---------- RECORDS SUPPLIED
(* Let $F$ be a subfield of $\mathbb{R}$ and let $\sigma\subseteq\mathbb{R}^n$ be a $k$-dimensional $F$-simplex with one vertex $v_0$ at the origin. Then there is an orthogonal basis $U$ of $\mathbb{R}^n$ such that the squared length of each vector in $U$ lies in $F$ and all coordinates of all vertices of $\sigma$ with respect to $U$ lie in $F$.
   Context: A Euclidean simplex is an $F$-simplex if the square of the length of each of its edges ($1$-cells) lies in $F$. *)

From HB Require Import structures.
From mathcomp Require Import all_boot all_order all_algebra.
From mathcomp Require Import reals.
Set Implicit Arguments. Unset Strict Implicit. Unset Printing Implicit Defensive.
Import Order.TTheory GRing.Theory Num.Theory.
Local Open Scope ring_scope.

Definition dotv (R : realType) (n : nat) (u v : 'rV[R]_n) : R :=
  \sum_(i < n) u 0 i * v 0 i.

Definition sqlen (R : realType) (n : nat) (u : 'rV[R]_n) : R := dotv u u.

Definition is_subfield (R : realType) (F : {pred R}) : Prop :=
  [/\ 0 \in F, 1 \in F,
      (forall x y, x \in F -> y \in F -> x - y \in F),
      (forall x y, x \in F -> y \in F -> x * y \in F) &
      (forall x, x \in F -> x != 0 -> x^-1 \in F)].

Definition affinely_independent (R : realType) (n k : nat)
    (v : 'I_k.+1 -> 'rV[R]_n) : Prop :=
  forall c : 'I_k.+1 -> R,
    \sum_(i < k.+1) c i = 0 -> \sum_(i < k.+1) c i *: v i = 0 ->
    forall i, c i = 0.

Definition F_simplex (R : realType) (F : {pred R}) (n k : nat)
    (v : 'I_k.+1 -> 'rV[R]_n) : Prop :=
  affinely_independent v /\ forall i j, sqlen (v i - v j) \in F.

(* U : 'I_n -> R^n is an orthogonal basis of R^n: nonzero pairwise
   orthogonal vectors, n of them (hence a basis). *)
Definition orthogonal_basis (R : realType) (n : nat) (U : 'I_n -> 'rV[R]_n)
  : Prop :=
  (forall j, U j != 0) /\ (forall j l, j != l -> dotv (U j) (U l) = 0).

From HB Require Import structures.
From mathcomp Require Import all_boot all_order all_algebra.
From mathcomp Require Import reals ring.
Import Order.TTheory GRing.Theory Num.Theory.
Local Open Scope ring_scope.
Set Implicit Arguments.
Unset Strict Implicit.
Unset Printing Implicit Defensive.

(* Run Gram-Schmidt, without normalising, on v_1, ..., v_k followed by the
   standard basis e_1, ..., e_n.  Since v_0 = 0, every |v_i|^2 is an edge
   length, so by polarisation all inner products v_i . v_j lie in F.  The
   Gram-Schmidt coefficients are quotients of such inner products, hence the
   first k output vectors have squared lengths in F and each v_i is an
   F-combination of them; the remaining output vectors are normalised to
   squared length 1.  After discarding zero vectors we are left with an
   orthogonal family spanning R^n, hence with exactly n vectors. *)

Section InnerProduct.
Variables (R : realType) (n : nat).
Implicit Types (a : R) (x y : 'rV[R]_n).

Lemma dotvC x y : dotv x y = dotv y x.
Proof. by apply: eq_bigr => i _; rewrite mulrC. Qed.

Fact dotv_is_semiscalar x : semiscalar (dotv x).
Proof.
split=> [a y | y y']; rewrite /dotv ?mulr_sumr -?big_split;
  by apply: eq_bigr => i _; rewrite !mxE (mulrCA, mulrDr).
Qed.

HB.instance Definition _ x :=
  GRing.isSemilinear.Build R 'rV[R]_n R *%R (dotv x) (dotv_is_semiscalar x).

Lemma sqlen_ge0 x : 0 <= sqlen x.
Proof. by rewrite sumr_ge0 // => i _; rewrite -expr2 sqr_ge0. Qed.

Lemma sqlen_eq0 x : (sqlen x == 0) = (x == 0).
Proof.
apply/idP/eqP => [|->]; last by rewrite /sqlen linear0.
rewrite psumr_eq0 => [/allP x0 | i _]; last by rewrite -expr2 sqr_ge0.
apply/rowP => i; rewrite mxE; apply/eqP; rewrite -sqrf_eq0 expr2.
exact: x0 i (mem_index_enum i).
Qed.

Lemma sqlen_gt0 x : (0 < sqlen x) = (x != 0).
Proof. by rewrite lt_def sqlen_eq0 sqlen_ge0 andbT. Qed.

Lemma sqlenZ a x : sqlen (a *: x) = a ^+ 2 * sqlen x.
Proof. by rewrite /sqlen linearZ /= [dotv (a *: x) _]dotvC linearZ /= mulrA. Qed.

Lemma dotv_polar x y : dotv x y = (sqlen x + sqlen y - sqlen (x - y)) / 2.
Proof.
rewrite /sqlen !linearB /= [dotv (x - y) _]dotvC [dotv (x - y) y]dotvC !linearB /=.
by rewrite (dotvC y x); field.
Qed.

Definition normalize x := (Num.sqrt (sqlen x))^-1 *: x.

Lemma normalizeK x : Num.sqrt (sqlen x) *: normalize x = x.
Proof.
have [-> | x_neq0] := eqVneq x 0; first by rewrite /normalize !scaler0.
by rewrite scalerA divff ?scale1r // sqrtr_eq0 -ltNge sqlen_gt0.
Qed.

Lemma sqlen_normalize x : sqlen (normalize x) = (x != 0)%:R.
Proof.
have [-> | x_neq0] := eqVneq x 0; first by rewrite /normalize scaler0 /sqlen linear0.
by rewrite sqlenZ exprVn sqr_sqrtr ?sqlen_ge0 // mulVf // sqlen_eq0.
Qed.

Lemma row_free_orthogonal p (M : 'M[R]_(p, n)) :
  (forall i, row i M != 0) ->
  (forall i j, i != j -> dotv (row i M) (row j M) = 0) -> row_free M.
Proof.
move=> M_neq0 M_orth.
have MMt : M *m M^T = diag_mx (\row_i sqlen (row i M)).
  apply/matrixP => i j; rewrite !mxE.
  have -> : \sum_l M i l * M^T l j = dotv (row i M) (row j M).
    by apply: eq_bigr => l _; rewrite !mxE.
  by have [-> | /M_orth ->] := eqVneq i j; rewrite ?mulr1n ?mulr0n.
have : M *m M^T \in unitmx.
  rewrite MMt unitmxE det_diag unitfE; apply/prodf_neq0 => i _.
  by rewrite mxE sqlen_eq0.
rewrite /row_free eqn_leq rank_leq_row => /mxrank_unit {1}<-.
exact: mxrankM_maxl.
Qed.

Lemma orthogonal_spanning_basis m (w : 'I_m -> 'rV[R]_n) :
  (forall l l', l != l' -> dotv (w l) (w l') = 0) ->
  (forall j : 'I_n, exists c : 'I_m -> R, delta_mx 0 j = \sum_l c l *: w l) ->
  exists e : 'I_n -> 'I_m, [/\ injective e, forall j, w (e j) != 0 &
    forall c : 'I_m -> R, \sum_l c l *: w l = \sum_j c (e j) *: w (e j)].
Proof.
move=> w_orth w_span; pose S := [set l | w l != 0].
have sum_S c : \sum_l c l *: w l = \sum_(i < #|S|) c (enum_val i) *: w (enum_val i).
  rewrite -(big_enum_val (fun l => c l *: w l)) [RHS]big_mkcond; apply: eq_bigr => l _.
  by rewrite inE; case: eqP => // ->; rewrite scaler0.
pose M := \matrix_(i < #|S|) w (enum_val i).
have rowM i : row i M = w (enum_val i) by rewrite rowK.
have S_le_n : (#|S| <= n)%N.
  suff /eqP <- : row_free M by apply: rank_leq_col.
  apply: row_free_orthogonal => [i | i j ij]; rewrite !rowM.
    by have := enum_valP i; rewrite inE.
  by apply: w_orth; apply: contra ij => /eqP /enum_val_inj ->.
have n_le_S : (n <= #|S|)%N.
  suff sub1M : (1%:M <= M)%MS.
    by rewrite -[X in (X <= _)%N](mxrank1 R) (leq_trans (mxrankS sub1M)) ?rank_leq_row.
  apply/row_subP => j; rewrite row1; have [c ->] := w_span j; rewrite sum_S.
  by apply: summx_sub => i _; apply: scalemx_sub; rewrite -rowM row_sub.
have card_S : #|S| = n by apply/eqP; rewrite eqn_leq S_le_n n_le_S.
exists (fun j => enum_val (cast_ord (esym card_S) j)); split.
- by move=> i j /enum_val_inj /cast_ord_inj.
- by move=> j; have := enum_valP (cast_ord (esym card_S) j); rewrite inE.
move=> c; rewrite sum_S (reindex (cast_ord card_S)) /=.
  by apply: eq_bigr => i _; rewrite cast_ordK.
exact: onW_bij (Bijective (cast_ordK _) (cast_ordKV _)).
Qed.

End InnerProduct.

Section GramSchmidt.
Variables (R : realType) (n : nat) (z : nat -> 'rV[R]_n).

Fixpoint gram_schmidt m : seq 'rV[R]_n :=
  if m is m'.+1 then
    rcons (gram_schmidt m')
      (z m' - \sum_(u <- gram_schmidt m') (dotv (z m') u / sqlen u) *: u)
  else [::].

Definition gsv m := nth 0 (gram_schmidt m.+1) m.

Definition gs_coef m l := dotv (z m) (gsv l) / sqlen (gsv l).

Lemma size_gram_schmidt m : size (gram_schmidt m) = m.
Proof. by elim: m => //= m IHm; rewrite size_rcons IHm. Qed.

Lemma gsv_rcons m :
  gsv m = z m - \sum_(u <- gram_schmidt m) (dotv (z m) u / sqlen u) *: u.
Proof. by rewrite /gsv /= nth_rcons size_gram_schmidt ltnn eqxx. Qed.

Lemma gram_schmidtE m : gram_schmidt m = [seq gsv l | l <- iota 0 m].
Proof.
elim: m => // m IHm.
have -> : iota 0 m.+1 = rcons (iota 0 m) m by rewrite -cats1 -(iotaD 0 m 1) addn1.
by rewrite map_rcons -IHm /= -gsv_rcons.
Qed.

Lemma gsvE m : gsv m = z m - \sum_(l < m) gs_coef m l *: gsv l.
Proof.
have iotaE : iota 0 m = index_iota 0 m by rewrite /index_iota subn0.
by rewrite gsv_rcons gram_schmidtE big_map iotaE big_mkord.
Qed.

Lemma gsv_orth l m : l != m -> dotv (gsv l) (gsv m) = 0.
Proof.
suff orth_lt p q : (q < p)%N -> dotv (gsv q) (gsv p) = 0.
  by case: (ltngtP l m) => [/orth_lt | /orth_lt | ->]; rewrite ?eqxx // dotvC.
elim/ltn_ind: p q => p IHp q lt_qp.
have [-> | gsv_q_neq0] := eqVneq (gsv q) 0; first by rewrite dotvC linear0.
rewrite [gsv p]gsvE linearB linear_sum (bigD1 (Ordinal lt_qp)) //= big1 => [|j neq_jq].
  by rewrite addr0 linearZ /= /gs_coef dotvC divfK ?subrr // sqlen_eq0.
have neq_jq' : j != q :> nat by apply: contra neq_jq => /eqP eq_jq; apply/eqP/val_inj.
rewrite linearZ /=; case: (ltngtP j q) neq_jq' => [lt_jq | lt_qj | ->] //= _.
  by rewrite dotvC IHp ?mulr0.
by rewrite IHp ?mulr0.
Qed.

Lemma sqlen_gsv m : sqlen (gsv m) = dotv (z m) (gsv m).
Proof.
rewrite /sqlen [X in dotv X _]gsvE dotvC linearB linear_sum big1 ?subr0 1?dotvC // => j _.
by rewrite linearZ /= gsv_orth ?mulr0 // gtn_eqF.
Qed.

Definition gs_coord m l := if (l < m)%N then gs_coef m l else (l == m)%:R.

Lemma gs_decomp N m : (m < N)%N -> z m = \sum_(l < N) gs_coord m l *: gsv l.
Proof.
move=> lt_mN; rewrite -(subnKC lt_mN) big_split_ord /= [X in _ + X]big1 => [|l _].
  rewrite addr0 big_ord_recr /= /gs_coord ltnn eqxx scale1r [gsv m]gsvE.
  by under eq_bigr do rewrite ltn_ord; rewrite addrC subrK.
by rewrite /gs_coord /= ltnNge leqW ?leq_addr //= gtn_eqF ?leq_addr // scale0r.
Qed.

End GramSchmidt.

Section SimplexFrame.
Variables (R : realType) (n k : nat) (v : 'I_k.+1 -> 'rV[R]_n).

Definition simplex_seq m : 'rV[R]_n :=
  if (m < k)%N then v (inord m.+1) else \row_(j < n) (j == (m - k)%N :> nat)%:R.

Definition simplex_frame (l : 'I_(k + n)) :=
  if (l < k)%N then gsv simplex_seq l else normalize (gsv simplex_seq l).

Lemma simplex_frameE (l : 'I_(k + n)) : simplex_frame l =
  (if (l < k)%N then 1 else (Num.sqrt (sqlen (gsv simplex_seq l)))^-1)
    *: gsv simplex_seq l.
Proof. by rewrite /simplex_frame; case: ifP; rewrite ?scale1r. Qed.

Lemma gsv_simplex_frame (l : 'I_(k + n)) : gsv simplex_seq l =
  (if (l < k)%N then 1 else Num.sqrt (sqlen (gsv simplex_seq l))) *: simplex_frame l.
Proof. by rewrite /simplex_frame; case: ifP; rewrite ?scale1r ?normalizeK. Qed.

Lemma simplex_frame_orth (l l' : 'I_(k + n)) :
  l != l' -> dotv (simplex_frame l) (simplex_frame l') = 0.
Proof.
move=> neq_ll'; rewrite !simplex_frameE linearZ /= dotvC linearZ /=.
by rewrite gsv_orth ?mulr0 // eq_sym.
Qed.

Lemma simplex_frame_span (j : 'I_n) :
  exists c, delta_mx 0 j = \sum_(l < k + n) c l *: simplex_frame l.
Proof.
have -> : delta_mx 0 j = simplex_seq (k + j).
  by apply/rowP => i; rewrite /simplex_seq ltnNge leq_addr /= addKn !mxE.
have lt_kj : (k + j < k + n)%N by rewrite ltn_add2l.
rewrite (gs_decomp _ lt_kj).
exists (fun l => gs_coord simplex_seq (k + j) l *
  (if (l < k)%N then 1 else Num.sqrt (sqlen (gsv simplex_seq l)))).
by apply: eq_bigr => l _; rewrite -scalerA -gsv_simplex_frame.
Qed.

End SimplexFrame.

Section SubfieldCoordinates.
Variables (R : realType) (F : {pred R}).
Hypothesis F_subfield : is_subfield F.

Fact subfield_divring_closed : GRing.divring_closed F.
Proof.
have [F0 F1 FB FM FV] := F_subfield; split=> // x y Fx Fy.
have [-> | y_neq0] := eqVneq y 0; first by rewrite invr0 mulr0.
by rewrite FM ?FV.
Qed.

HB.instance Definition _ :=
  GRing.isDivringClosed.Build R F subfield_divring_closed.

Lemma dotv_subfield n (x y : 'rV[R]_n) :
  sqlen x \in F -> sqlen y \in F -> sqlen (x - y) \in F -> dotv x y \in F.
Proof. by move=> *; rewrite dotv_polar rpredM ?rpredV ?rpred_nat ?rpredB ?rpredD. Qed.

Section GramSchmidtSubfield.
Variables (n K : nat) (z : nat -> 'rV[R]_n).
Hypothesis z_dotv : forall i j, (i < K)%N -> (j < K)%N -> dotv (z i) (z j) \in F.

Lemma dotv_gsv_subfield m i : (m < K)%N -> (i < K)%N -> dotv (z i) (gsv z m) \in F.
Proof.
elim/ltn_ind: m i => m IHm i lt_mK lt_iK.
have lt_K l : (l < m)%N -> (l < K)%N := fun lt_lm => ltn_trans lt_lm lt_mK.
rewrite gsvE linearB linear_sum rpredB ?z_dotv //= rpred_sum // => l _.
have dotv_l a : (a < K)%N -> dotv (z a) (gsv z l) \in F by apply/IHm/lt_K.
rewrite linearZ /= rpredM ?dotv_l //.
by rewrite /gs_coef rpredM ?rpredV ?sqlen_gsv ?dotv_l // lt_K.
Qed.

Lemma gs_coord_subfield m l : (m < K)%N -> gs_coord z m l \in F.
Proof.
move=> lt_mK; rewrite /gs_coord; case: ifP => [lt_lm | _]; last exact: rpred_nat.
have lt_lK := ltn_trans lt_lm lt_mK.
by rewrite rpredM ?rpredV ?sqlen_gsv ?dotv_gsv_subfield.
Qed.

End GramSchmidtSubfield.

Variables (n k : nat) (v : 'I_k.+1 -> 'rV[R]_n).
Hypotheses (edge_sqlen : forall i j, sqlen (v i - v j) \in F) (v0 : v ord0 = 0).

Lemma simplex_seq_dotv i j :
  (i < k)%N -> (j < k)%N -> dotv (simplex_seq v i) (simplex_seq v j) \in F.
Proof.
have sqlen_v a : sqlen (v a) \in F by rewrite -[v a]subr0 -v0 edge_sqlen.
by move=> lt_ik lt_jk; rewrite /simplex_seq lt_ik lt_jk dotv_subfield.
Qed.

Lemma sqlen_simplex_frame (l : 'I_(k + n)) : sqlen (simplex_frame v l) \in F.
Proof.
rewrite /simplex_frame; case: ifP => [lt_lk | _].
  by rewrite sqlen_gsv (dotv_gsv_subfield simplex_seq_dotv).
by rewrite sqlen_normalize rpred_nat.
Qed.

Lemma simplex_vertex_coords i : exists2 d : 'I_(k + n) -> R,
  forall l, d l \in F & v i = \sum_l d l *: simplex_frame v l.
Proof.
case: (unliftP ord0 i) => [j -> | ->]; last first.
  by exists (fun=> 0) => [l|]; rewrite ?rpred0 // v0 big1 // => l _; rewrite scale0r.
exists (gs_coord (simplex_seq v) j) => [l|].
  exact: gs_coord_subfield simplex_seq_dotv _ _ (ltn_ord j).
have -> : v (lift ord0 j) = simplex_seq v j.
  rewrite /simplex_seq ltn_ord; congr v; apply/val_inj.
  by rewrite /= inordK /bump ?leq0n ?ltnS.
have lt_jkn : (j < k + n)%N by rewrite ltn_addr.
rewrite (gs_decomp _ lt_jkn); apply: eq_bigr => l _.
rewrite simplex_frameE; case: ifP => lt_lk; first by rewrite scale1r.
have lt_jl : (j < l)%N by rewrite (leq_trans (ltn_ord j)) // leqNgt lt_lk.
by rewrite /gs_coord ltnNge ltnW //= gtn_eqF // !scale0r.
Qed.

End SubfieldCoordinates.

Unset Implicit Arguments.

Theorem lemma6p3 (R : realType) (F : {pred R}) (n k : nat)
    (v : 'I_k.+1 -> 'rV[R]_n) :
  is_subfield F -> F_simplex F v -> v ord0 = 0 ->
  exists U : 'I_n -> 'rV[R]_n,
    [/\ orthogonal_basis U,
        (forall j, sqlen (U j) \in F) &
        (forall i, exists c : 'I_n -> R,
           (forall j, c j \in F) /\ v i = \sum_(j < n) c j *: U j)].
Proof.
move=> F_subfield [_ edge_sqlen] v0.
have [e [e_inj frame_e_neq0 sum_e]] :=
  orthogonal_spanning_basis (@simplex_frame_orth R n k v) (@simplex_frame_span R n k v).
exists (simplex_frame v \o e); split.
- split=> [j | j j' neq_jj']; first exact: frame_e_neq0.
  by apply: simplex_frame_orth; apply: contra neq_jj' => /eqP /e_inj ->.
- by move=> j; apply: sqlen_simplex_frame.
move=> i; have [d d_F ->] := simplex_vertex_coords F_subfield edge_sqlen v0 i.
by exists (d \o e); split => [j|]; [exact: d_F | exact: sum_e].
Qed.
--------------------
---------- RECORDS SUPPLIED
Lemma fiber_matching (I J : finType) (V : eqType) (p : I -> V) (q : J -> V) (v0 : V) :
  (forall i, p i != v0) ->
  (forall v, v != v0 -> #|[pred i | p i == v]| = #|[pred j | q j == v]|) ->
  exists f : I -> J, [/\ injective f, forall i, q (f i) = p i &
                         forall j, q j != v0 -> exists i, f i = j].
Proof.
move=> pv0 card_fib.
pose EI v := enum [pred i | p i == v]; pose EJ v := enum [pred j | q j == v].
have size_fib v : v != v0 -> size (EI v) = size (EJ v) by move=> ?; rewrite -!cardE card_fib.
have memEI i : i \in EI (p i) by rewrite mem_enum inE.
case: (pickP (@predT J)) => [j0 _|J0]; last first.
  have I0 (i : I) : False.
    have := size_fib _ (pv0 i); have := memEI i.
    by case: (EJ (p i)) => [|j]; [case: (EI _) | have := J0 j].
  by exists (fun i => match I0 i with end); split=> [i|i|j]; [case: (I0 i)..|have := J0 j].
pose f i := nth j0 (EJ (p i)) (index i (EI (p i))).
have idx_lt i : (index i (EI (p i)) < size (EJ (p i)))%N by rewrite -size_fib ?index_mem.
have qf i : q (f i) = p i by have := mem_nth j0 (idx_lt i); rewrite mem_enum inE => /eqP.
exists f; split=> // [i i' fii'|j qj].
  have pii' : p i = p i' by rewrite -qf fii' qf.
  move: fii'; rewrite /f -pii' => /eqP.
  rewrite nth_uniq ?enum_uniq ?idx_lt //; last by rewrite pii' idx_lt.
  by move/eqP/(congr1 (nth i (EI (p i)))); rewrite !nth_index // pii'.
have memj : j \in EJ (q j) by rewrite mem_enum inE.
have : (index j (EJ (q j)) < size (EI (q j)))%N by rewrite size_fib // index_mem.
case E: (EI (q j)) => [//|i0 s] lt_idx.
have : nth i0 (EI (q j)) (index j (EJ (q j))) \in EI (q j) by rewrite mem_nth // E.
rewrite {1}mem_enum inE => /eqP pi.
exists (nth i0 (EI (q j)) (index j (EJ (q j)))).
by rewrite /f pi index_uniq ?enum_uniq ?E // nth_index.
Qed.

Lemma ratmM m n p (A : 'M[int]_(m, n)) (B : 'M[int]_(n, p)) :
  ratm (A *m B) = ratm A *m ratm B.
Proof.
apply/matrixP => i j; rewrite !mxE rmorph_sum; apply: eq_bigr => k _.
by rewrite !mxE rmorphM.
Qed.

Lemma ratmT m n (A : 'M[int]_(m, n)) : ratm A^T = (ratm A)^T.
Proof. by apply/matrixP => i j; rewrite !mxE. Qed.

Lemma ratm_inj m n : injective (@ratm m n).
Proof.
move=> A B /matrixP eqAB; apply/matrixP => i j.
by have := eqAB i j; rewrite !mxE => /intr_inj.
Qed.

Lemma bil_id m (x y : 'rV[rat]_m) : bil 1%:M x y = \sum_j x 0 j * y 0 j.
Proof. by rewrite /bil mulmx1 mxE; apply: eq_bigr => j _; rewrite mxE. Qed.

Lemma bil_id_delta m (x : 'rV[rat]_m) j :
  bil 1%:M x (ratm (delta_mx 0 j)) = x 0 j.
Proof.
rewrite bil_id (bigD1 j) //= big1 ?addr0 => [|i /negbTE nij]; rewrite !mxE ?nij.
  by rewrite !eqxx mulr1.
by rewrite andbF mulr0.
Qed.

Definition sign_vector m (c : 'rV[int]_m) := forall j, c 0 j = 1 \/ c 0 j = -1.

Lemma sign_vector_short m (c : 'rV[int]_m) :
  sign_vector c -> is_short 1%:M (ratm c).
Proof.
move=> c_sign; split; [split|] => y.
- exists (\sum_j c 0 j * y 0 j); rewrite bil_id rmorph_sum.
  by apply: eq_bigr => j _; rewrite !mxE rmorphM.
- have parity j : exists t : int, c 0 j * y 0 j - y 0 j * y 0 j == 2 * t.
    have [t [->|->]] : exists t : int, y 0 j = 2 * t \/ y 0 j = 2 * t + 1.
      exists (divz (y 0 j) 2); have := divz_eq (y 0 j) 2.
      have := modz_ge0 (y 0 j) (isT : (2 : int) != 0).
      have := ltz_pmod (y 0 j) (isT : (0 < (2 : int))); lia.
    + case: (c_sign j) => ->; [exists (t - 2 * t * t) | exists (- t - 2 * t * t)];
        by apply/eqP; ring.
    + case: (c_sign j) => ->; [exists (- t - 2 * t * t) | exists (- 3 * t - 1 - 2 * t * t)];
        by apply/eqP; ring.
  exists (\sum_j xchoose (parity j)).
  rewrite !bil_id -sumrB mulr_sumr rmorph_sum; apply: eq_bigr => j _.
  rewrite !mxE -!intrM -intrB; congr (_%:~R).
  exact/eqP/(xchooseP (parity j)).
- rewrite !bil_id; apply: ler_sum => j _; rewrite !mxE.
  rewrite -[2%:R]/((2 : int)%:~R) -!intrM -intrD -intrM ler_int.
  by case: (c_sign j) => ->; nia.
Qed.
--------------------
_WHAT THIS TASK INVOLVES_:
In the data above, find the line with "have I0 (i : I) : False." and the line with "pose f i := nth". Retype both, plus every line between them, exactly.

_TASK RESPONSE_:
  have I0 (i : I) : False.
    have := size_fib _ (pv0 i); have := memEI i.
    by case: (EJ (p i)) => [|j]; [case: (EI _) | have := J0 j].
  by exists (fun i => match I0 i with end); split=> [i|i|j]; [case: (I0 i)..|have := J0 j].
pose f i := nth j0 (EJ (p i)) (index i (EI (p i))).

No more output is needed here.